If the data actually lies on a line, then two sample points will be enough to get a perfect prediction. Of course, nothing is exact outside of mathematics. And so if we were to use data coming from the real world, and even if we were to somehow produce some constants $ a, b$, our “predictor” would almost always be off by a bit. In the diagram below, where it’s clear that the relationship between the variables is linear, only a small fraction of the data points appear to lie on the line itself.

An example of a linear model for a set of points (credit Wikipedia).

In such scenarios it would be hopelessly foolish to wish for a perfect predictor, and so instead we wish to summarize the trends in the data using a simple description mechanism. In this case, that mechanism is a line. Now the computation required to find the “best” coefficients of the line is quite straightforward once we pick a suitable notion of what “best” means.

Now suppose that we call our (presently unknown) prediction function $ \hat{f}$. We often call the function we’re producing as a result of our learning algorithm the hypothesis, but in this case we’ll stick to calling it a prediction function. If we’re given a data point $ (x,y)$ where $ x$ is a value of $ X$ and $ y$ of $ Y$, then the error of our predictor on this example is $ |y – \hat{f}(x)|$. Geometrically this is the vertical distance from the actual $ y$ value to our prediction for the same $ x$, and so we’d like to minimize this error. Indeed, we’d like to minimize the sum of all the errors of our linear predictor over all data points we see. We’ll describe this in more detail momentarily.

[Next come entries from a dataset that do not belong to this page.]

(* Let $G$ be a Lindelöf Hausdorff topological group whose underlying space is basically disconnected. Then either $G$ is a $P$-space, or $G$ has a nondiscrete topological quotient group $G/N$ (with $N$ a closed normal subgroup) of countable pseudocharacter which contains an open subgroup that is Boolean and basically disconnected.
   Context: All spaces are Tychonoff. A space is basically disconnected if the closure of every cozero set in it is open. A space is a $P$-space if every $G_\delta$-subset is open. For a topological group, countable pseudocharacter means the identity element is a $G_\delta$-set. A group is Boolean if every element has order at most $2$. The quotient $G/N$ carries the quotient topology. *)

From HB Require Import structures.
From mathcomp Require Import all_boot all_order all_algebra.
From mathcomp Require Import all_classical all_reals all_analysis.
From mathcomp Require Import Rstruct Rstruct_topology.
From Stdlib Require Import Reals.

Set Implicit Arguments.
Unset Strict Implicit.
Unset Printing Implicit Defensive.

Local Open Scope classical_set_scope.

Definition is_group (G : Type) (mul : G -> G -> G) (inv : G -> G) (e : G) :=
  [/\ forall x y z, mul x (mul y z) = mul (mul x y) z,
      forall x, mul e x = x, forall x, mul x e = x,
      forall x, mul (inv x) x = e & forall x, mul x (inv x) = e].

Definition topological_group (G : topologicalType) (mul : G -> G -> G)
    (inv : G -> G) (e : G) :=
  [/\ is_group mul inv e,
      continuous (fun p : G * G => mul p.1 p.2) & continuous inv].

Definition lindelof (T : topologicalType) :=
  forall (I : Type) (U : I -> set T), (forall i, open (U i)) ->
    \bigcup_i U i = setT ->
    exists J : set I, countable J /\ \bigcup_(i in J) U i = setT.

Definition cozero (T : topologicalType) (f : T -> R) := [set x | f x <> 0%R].

Definition basically_disconnected (T : topologicalType) :=
  forall f : T -> R, continuous f -> open (closure (cozero f)).

Definition G_delta (T : topologicalType) (A : set T) :=
  exists F : nat -> set T, (forall n, open (F n)) /\ A = \bigcap_n F n.

Definition P_space (T : topologicalType) :=
  forall A : set T, G_delta A -> open A.

Definition discrete_top (T : topologicalType) := forall A : set T, open A.

Definition subgroup (G : Type) (mul : G -> G -> G) (inv : G -> G) (e : G)
    (K : set G) :=
  [/\ K e, forall x y, K x -> K y -> K (mul x y) & forall x, K x -> K (inv x)].

Definition normal_subgroup (G : Type) (mul : G -> G -> G) (inv : G -> G) (e : G)
    (N : set G) :=
  subgroup mul inv e N /\ forall g x, N x -> N (mul (mul g x) (inv g)).

Definition group_hom (G H : Type) (mulG : G -> G -> G) (mulH : H -> H -> H)
    (f : G -> H) := forall x y, f (mulG x y) = mulH (f x) (f y).

Definition open_map (T U : topologicalType) (f : T -> U) :=
  forall A : set T, open A -> open (f @` A).

(** [H] (with its operations) is (topologically isomorphic to) the quotient
    group G/N with the quotient topology, witnessed by [f]: a continuous open
    surjective homomorphism with kernel N.  (A continuous open surjection is a
    quotient map, so H carries the quotient topology of G/N.) *)
Definition quotient_group_by (G H : topologicalType)
    (mulG : G -> G -> G) (mulH : H -> H -> H) (eH : H) (N : set G) (f : G -> H) :=
  [/\ group_hom mulG mulH f, continuous f, open_map f,
      (forall y, exists x, f x = y) & N = f @^-1` [set eH]].

Definition countable_pseudocharacter (H : topologicalType) (eH : H) :=
  G_delta [set eH].

Definition boolean_set (H : Type) (mul : H -> H -> H) (e : H) (K : set H) :=
  forall x, K x -> mul x x = e.

(* If G is not a P-space, there are open neighbourhoods U_m of e whose
   intersection is not a neighbourhood of e.  A Lindelof group is
   omega-narrow, so the U_m extend to a countable family of neighbourhoods of
   e closed under square roots and under the conjugation witnesses of
   narrowness; its intersection N is a closed normal subgroup inside every U_m,
   hence not open, and H = G/N is a nondiscrete Lindelof basically
   disconnected group in which e is a G_delta.
   In H the set O of points x with x^2 <> e is an F_sigma, so by Lindelofness
   it is covered by countably many clopen sets C with C disjoint from C^-1
   (basically disconnected Tychonoff spaces are zero-dimensional).
   Disjointifying gives an open A with A disjoint from A^-1 and O contained in
   A u A^-1; A is a countable union of clopen sets, hence a cozero set, so its
   closure is open and cannot contain the fixed point e of inversion.  Thus e
   has a neighbourhood of involutions, which generates an open, hence clopen,
   Boolean subgroup of H. *)

From HB Require Import structures.
From mathcomp Require Import all_boot all_order all_algebra.
From mathcomp Require Import all_classical all_reals all_analysis.
From mathcomp Require Import Rstruct Rstruct_topology.
From mathcomp Require Import lra.
From Stdlib Require Import Reals.
Import Order.TTheory GRing.Theory Num.Theory.

Set Implicit Arguments.
Unset Printing Implicit Defensive.

Local Open Scope classical_set_scope.
Local Open Scope ring_scope.

(** * Basically disconnected and Lindelof spaces *)

Lemma cozeroE (T : topologicalType) (f : T -> R) : cozero f = [set x | f x != 0].
Proof. by apply/seteqP; split => x /= /eqP. Qed.

Lemma basically_disconnected_clopen_nbhs (T : topologicalType) :
  completely_regular_space T -> basically_disconnected T ->
  forall [x : T] [U : set T], nbhs x U -> exists C, [/\ clopen C, C x & C `<=` U].
Proof.
move=> crT bdT x U Ux.
have cB : closed (~` U°) by apply: open_closedC; exact: open_interior.
have /(@uniform_separatorP _ R) [f [cf _ f0 f1]] := crT x _ cB (fun nUx => nUx Ux).
have fx : f x = 0 by apply: f0; exists x.
pose phi y := Num.min (f y) (1 / 2) - 1 / 2.
have cphi : continuous phi.
  move=> y; apply: (@continuousB R R^o T) => //; last exact: cvg_cst.
  exact: (continuous_min (cf y) (cvg_cst _)).
have phi_small y : cozero phi y -> f y <= 1 / 2.
  by rewrite cozeroE /phi /=; case: leP => // _; rewrite subrr eqxx.
exists (closure (cozero phi)); split.
- by split; [exact: bdT | exact: closed_closure].
- by apply: subset_closure; rewrite cozeroE /= /phi fx min_l //; lra.
- have fle_closed : closed [set y | f y <= 1 / 2].
    exact: (preimage_closed (fun y _ => cf y) (@closed_le _ (1 / 2))).
  move=> y /(closureS phi_small); rewrite -(closure_id _).1 //= => fy.
  apply: contrapT => nUy; have : f y = 1 by apply: f1; exists y => // /interior_subset.
  lra.
Qed.

Section CountableClopenUnion.
Context {T : topologicalType} {c : nat -> set T}.
Hypothesis clopen_c : forall k, clopen (c k).

Lemma clopen_bigsetU n : clopen (\big[setU/set0]_(k < n) c k).
Proof.
elim: n => [|n IHn]; first by rewrite big_ord0; exact: clopen0.
by rewrite big_ord_recr; exact: clopenU.
Qed.

Lemma clopen_seqDU k : clopen (seqDU c k).
Proof.
have [oU cU] := clopen_bigsetU k.
rewrite /seqDU setDE; apply: clopenI => //.
by split; [exact: closed_openC | exact: open_closedC].
Qed.

Lemma bigcup_clopen_cozero :
  exists2 f : T -> R, continuous f & cozero f = \bigcup_k c k.
Proof.
pose D := seqDU c; pose idx x := xget 0%N [set k : nat | D k x].
pose f x : R := \1_(\bigcup_k D k) x / (idx x).+1%:R.
have fD k x : D k x -> f x = (k.+1%:R)^-1.
  move=> Dkx; rewrite /f indicE mem_set; last by exists k.
  rewrite mul1r /idx (@xget_unique _ _ _ k) // => m Dmx.
  by apply: (trivIset_seqDU c) => //; exists x.
have fN x : ~ (\bigcup_k D k) x -> f x = 0.
  by move=> nDx; rewrite /f indicE memNset ?mul0r.
exists f; last first.
  rewrite seqDU_bigcup_eq cozeroE; apply/seteqP; split => x /=.
    by move=> /eqP fx; apply: contrapT => /fN.
  by case=> k _ /fD ->; rewrite invr_eq0 pnatr_eq0.
move=> x; have [[k _ Dkx]|nDx] := pselect ((\bigcup_k D k) x).
  have Dk_nbhs : nbhs x (D k).
    by apply: open_nbhs_nbhs; split => //; case: (clopen_seqDU k).
  apply: cvg_near_cst; apply: filterS Dk_nbhs => y Dky.
  by rewrite (fD _ _ Dky) (fD _ _ Dkx).
rewrite /continuous_at (fN _ nDx); apply/(@cvgrPdist_lt _ R^o) => eps eps_gt0.
pose n := Num.truncn eps^-1.
have Wx : nbhs x (~` \big[setU/set0]_(k < n) c k).
  apply: open_nbhs_nbhs; split; first by apply: closed_openC; case: (clopen_bigsetU n).
  by rewrite bigsetU_seqDU => /(@bigsetU_bigcup _ D n).
apply: filterS Wx => y nWy; rewrite sub0r normrN.
have [[m _ Dmy]|/fN ->] := pselect ((\bigcup_k D k) y); last by rewrite normr0.
rewrite (fD _ _ Dmy) ger0_norm ?invr_ge0 ?ler0n // invf_plt ?posrE ?ltr0n //.
have nm : (n <= m)%nat.
  rewrite leqNgt; apply/negP => mn; apply: nWy.
  by rewrite bigsetU_seqDU -bigcup_mkord; exists m.
by apply: lt_le_trans (truncnS_gt _) _; rewrite ler_nat ltnS.
Qed.

End CountableClopenUnion.

Section Involution.
Context {T : topologicalType} (h : T -> T).
Hypotheses (hK : involutive h) (h_cont : continuous h).

Lemma clopen_involution_split [c : nat -> set T] :
  (forall k, clopen (c k)) -> (forall k, c k `&` h @^-1` c k = set0) ->
  exists A : nat -> set T, [/\ forall k, clopen (A k),
    (\bigcup_k A k) `&` h @^-1` (\bigcup_k A k) = set0 &
    \bigcup_k c k `<=` (\bigcup_k A k) `|` h @^-1` (\bigcup_k A k)].
Proof.
move=> clopen_c c_h0.
pose c' k := c k `|` h @^-1` c k.
have clopen_c' k : clopen (c' k).
  by apply: clopenU => //; apply: preimage_clopen.
have c'_h k y : c' k (h y) = c' k y.
  by rewrite /c' /= hK; apply/propext; exact: or_comm.
have c'E k y : c' k y = (c k y \/ c k (h y)) by [].
clearbody c'.
have D_h k y : seqDU c' k (h y) = seqDU c' k y.
  rewrite /seqDU -!bigcup_mkord /= c'_h; congr (_ /\ ~ _).
  by apply/propext; split=> -[j jk cj]; exists j; rewrite // ?c'_h // -c'_h.
exists (fun k => c k `&` seqDU c' k); split.
- by move=> k; apply: clopenI => //; exact: clopen_seqDU.
- apply/seteqP; split => // y [[k _ [cky Dky]] [m _ [cmhy Dmhy]]].
  have km : k = m.
    by apply: (trivIset_seqDU c') => //; exists y; split => //; rewrite -D_h.
  by subst m; have /seteqP[+ _] := c_h0 k; apply; split.
- move=> y [k _ cky]; have [m _ Dmy] : (\bigcup_m seqDU c' m) y.
    by rewrite -seqDU_bigcup_eq; exists k => //; rewrite c'E; left.
  have [cmy|cmhy] : c m y \/ c m (h y) by rewrite -c'E; case: Dmy.
  + by left; exists m.
  + by right; exists m => //; split; rewrite ?D_h.
Qed.

Lemma involution_fixpoint_notin_closure (A : set T) (x : T) : h x = x ->
  open A -> A `&` h @^-1` A = set0 -> open (closure A) -> ~ closure A x.
Proof.
move=> hx oA AhA0 oclA clAx.
have clAx_nbhs : nbhs x (closure A `&` h @^-1` closure A).
  apply: filterI; first exact: open_nbhs_nbhs.
  by apply: h_cont; rewrite hx; exact: open_nbhs_nbhs.
have [z [Az [_ clAhz]]] := clAx _ clAx_nbhs.
have hA_nbhs : nbhs (h z) (h @^-1` A).
  apply: open_nbhs_nbhs; split; last by rewrite /= hK.
  by apply: open_comp => // y _; exact: h_cont.
have [w Aw] := clAhz _ hA_nbhs.
by rewrite -[False]/(set0 w) -AhA0.
Qed.

End Involution.

Lemma lindelof_closed_cover (T : topologicalType) [K : set T] [I : Type]
    [V : I -> set T] :
  lindelof T -> closed K -> (forall i, open (V i)) -> K `<=` \bigcup_i V i ->
  exists2 J : set I, countable J & K `<=` \bigcup_(i in J) V i.
Proof.
move=> lT cK oV KV.
pose W (o : option I) := if o is Some i then V i else ~` K.
have oW o : open (W o) by case: o => [i|]; [exact: oV | exact: closed_openC].
have W_cover : \bigcup_o W o = [set: T].
  apply/seteqP; split => // x _; have [Kx|nKx] := pselect (K x).
    by have [i _ Vix] := KV x Kx; exists (Some i).
  by exists None.
have [J [cJ JW]] := lT _ W oW W_cover.
exists (Some @^-1` J).
  case/countable_injP: cJ => f f_inj; apply/countable_injP; exists (f \o Some).
  by move=> i j /[!inE] Ji Jj /f_inj => /(_ (mem_set Ji) (mem_set Jj)) [].
move=> x Kx; have : [set: T] x by [].
by rewrite -JW => -[[i|] Ji Wx] //; exists i.
Qed.

Lemma countable_sub_range {T : choiceType} (x0 : T) [J : set T] :
  countable J -> exists g : nat -> T, J `<=` range g.
Proof.
case/countable_injP => f f_inj.
exists (fun n => xget x0 [set x | J x /\ f x = n]) => x Jx; exists (f x) => //.
have [Jy fy] : [set y | J y /\ f y = f x] (xget x0 [set y | J y /\ f y = f x]).
  exact: (xgetI _ (conj Jx erefl)).
by apply: f_inj; rewrite ?inE.
Qed.

Lemma lindelof_Fsigma_subcover (T : topologicalType) {I : choiceType} (i0 : I)
    [K : nat -> set T] [V : I -> set T] :
  lindelof T -> (forall n, closed (K n)) -> (forall i, open (V i)) ->
  \bigcup_n K n `<=` \bigcup_i V i ->
  exists g : nat -> I, \bigcup_n K n `<=` \bigcup_n V (g n).
Proof.
move=> lT cK oV KV.
have /choice [J J_spec] n :
    exists J : set I, countable J /\ K n `<=` \bigcup_(i in J) V i.
  have [|J cJ KJ] := lindelof_closed_cover lT (cK n) oV; last by exists J.
  by move=> x Knx; apply: KV; exists n.
have [g Jg] : exists g : nat -> I, \bigcup_n J n `<=` range g.
  apply: (countable_sub_range i0); apply: bigcup_countable => [|n _].
    exact: countableP.
  by case: (J_spec n).
exists g => x [n _ Knx]; have [i Jni Vix] := (J_spec n).2 x Knx.
have [m _ gmi] : range g i by apply: Jg; exists n.
by exists m; rewrite ?gmi.
Qed.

The word “minimize” might evoke long suppressed memories of torturous Calculus lessons, and indeed we will use elementary Calculus to find the optimal linear predictor. But one small catch is that our error function, being an absolute value, is not differentiable! To mend this we observe that minimizing the absolute value of a number is the same as minimizing the square of a number. In fact, $ |x| = \sqrt(x^2)$, and the square root function and its inverse are both increasing functions; they preserve minima of sets of nonnegative numbers.  So we can describe our error as $ (y – \hat{f}(x))^2$, and use calculus to our heart’s content.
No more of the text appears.